How to complete this task:
Beginning at the line containing "Proof. by case: ev_spec => _ +" in the material below and ending at the line containing "Lemma ev_eq0_princ_div_gt0 E", return each line exactly and add nothing.
◆ ◆ ◆ ◆ ◆ ◆ ◆
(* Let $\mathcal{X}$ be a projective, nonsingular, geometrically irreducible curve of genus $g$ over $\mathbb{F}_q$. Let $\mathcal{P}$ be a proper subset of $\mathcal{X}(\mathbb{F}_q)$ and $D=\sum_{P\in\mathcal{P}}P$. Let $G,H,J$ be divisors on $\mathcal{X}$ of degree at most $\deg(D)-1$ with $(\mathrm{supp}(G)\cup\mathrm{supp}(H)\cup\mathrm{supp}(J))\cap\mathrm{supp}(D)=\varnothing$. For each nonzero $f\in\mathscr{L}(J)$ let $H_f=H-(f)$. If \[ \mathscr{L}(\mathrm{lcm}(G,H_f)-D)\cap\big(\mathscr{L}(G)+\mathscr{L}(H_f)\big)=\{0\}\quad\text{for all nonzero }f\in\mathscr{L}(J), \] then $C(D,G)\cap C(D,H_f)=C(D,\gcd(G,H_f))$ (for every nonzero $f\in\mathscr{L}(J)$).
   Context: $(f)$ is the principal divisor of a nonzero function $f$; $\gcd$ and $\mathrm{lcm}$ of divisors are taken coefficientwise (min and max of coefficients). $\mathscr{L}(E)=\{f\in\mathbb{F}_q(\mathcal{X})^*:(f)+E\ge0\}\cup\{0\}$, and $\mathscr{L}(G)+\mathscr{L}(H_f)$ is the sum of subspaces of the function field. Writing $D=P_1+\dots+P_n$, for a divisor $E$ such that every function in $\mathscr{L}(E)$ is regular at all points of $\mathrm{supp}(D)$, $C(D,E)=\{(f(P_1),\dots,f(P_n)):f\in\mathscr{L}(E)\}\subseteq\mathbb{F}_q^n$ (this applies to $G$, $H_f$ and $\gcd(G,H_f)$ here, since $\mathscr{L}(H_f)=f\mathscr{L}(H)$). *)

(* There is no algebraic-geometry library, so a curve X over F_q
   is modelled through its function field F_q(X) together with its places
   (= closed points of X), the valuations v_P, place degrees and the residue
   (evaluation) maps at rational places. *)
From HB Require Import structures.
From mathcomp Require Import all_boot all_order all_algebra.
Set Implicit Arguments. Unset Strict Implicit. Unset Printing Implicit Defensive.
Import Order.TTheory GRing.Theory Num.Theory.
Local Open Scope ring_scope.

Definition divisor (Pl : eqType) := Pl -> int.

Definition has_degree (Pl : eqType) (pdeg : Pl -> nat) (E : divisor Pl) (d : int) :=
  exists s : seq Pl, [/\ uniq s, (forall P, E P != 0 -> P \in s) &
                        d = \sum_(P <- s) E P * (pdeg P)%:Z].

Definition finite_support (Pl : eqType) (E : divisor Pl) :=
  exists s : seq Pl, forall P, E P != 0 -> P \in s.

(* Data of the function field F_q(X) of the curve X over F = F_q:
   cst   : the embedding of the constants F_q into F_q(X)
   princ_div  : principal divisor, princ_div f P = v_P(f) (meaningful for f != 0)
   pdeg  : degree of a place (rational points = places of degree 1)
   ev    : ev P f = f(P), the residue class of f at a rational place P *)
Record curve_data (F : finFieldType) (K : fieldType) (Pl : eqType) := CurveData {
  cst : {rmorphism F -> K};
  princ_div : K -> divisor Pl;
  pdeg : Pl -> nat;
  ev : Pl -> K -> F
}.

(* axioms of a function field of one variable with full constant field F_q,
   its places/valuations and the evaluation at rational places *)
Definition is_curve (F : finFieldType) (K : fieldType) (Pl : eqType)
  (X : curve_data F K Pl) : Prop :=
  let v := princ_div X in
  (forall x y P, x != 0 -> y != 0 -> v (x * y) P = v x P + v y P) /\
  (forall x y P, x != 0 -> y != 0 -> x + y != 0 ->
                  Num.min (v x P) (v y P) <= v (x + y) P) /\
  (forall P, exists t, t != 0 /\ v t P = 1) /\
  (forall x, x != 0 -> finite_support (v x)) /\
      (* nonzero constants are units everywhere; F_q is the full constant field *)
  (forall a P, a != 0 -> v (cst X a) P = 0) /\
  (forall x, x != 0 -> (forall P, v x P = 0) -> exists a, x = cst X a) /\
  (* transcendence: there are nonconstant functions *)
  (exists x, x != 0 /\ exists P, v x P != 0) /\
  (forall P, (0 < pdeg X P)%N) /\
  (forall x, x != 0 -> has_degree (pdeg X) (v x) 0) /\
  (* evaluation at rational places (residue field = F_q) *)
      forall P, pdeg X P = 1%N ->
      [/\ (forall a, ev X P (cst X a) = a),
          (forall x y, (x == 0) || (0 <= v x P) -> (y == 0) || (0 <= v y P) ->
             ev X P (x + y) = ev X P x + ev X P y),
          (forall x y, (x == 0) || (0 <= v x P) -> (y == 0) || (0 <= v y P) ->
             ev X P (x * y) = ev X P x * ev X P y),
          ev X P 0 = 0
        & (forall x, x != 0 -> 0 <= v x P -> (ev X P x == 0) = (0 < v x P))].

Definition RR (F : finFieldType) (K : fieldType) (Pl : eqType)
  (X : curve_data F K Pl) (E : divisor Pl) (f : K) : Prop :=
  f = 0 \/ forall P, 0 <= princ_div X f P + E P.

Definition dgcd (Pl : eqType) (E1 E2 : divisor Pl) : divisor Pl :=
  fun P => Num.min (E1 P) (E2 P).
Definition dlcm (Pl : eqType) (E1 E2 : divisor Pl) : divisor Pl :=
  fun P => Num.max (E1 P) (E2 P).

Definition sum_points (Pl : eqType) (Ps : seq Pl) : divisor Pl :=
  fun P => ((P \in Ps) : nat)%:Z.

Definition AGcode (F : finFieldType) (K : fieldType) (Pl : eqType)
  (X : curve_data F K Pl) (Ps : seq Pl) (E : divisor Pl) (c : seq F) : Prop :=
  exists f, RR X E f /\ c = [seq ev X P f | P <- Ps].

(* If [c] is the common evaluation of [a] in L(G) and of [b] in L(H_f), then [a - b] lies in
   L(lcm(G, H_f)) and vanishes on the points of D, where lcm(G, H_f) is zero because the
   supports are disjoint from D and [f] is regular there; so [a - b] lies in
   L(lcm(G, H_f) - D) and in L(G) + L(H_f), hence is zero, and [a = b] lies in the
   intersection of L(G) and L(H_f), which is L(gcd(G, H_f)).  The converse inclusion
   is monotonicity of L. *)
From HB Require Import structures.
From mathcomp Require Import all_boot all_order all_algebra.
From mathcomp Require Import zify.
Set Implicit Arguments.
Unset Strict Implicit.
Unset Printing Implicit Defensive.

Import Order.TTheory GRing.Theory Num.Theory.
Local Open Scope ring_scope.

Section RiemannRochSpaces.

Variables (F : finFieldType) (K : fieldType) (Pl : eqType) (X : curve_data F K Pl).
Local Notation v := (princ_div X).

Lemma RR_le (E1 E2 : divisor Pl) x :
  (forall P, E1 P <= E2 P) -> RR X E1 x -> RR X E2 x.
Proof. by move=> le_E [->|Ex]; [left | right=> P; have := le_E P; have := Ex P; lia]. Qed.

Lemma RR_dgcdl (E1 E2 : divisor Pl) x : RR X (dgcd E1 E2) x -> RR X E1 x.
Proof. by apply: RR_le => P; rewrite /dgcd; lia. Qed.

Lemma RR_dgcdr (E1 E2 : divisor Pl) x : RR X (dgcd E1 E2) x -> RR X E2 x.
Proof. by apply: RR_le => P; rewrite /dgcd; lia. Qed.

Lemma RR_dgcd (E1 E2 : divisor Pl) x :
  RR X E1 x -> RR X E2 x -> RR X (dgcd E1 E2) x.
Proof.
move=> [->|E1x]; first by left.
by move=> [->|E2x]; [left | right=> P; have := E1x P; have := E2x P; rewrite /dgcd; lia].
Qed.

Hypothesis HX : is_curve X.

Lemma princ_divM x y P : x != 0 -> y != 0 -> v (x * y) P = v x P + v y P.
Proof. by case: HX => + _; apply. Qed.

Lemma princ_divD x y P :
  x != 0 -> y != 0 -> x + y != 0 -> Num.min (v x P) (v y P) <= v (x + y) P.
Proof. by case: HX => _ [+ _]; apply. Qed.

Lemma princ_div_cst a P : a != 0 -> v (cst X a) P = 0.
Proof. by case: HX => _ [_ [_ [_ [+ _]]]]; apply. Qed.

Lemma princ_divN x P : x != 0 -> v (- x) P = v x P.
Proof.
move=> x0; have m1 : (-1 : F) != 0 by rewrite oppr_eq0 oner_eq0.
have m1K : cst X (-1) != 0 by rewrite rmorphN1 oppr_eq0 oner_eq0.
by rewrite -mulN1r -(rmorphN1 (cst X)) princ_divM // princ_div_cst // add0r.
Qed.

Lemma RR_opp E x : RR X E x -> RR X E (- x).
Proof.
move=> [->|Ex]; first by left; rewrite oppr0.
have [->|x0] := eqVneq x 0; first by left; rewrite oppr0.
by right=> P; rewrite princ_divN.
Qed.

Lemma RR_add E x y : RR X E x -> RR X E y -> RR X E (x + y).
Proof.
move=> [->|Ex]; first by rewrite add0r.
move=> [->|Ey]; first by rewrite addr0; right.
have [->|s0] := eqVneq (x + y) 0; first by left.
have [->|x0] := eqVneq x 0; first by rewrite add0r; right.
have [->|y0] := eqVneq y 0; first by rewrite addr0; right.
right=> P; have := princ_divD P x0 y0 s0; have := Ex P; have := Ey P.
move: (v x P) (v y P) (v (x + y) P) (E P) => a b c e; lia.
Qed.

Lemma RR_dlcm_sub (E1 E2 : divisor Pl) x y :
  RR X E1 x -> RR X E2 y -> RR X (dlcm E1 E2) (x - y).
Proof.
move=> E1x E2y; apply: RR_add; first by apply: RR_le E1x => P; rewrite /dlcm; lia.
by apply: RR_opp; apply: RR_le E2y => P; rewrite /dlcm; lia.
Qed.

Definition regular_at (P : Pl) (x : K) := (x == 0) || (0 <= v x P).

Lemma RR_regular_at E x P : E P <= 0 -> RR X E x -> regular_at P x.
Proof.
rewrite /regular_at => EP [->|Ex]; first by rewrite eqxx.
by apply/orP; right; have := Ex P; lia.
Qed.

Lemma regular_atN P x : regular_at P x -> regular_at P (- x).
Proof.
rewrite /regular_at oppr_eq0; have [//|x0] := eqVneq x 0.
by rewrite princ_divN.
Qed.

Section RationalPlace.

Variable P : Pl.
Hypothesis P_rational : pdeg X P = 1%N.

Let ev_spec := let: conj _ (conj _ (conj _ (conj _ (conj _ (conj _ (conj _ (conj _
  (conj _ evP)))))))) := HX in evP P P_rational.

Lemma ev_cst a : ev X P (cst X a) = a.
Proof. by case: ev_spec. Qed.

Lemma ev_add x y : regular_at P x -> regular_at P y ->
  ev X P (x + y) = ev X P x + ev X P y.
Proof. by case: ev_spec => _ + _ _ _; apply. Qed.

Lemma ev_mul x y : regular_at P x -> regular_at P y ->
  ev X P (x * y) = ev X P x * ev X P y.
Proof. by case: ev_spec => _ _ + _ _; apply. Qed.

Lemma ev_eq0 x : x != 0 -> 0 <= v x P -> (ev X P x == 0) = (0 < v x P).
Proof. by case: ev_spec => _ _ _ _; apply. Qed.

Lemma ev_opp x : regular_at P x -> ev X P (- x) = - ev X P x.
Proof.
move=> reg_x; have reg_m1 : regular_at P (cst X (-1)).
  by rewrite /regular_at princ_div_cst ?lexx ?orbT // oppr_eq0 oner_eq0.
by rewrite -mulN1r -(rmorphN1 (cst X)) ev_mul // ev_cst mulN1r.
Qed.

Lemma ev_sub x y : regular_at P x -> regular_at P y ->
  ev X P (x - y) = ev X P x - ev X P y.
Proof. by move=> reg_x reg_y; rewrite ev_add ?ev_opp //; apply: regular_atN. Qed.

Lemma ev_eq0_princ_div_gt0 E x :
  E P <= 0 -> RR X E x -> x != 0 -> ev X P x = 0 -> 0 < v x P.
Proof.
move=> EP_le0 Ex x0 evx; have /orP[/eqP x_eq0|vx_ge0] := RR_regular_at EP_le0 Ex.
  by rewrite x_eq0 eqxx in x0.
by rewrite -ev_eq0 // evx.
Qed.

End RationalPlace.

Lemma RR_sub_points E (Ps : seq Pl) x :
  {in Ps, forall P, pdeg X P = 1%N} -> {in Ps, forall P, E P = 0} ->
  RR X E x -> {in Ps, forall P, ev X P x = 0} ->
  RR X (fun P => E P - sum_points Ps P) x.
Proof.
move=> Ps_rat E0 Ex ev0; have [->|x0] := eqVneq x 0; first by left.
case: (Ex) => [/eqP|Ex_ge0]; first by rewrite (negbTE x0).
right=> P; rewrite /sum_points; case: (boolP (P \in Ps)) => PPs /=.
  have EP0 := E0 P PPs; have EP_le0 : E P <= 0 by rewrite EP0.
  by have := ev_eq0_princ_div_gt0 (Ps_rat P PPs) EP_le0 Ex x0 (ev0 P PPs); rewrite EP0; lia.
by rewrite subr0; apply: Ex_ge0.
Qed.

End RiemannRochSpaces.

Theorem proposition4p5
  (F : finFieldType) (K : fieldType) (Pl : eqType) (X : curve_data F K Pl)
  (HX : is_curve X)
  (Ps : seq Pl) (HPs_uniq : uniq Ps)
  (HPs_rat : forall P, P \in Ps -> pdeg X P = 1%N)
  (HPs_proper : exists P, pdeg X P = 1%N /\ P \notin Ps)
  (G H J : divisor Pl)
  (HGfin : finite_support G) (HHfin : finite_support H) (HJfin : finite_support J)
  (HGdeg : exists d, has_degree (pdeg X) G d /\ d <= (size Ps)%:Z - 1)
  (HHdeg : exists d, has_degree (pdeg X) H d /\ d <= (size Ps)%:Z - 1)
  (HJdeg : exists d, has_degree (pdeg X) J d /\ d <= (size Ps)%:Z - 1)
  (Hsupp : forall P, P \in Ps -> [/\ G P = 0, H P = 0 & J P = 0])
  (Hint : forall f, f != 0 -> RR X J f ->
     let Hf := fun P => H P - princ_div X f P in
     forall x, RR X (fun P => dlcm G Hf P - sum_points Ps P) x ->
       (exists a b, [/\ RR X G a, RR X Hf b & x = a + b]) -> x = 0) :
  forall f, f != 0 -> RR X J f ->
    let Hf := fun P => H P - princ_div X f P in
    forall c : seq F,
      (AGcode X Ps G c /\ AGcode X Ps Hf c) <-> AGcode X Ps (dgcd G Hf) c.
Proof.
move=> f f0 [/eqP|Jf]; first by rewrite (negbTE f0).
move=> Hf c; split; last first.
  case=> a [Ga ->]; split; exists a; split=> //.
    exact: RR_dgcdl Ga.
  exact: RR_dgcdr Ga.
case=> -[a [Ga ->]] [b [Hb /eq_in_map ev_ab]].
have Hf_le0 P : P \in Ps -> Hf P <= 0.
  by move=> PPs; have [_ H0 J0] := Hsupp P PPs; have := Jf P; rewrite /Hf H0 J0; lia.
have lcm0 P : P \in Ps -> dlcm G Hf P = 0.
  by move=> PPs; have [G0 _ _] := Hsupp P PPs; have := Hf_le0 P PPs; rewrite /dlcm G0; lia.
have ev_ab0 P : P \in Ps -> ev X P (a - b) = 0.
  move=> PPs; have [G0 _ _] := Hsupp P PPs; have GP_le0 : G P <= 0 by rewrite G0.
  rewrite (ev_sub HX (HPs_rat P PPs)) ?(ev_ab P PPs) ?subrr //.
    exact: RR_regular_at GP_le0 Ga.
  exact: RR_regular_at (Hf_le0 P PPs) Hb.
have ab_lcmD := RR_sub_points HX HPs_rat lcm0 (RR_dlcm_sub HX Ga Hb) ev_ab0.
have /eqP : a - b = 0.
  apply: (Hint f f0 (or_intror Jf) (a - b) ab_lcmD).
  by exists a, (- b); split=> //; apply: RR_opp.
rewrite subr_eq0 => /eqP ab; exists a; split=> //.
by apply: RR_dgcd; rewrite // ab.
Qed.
◆ ◆ ◆ ◆ ◆ ◆ ◆
Response area:
Proof. by case: ev_spec => _ + _ _ _; apply. Qed.

Lemma ev_mul x y : regular_at P x -> regular_at P y ->
  ev X P (x * y) = ev X P x * ev X P y.
Proof. by case: ev_spec => _ _ + _ _; apply. Qed.

Lemma ev_eq0 x : x != 0 -> 0 <= v x P -> (ev X P x == 0) = (0 < v x P).
Proof. by case: ev_spec => _ _ _ _; apply. Qed.

Lemma ev_opp x : regular_at P x -> ev X P (- x) = - ev X P x.
Proof.
move=> reg_x; have reg_m1 : regular_at P (cst X (-1)).
  by rewrite /regular_at princ_div_cst ?lexx ?orbT // oppr_eq0 oner_eq0.
by rewrite -mulN1r -(rmorphN1 (cst X)) ev_mul // ev_cst mulN1r.
Qed.

Lemma ev_sub x y : regular_at P x -> regular_at P y ->
  ev X P (x - y) = ev X P x - ev X P y.
Proof. by move=> reg_x reg_y; rewrite ev_add ?ev_opp //; apply: regular_atN. Qed.

Lemma ev_eq0_princ_div_gt0 E x :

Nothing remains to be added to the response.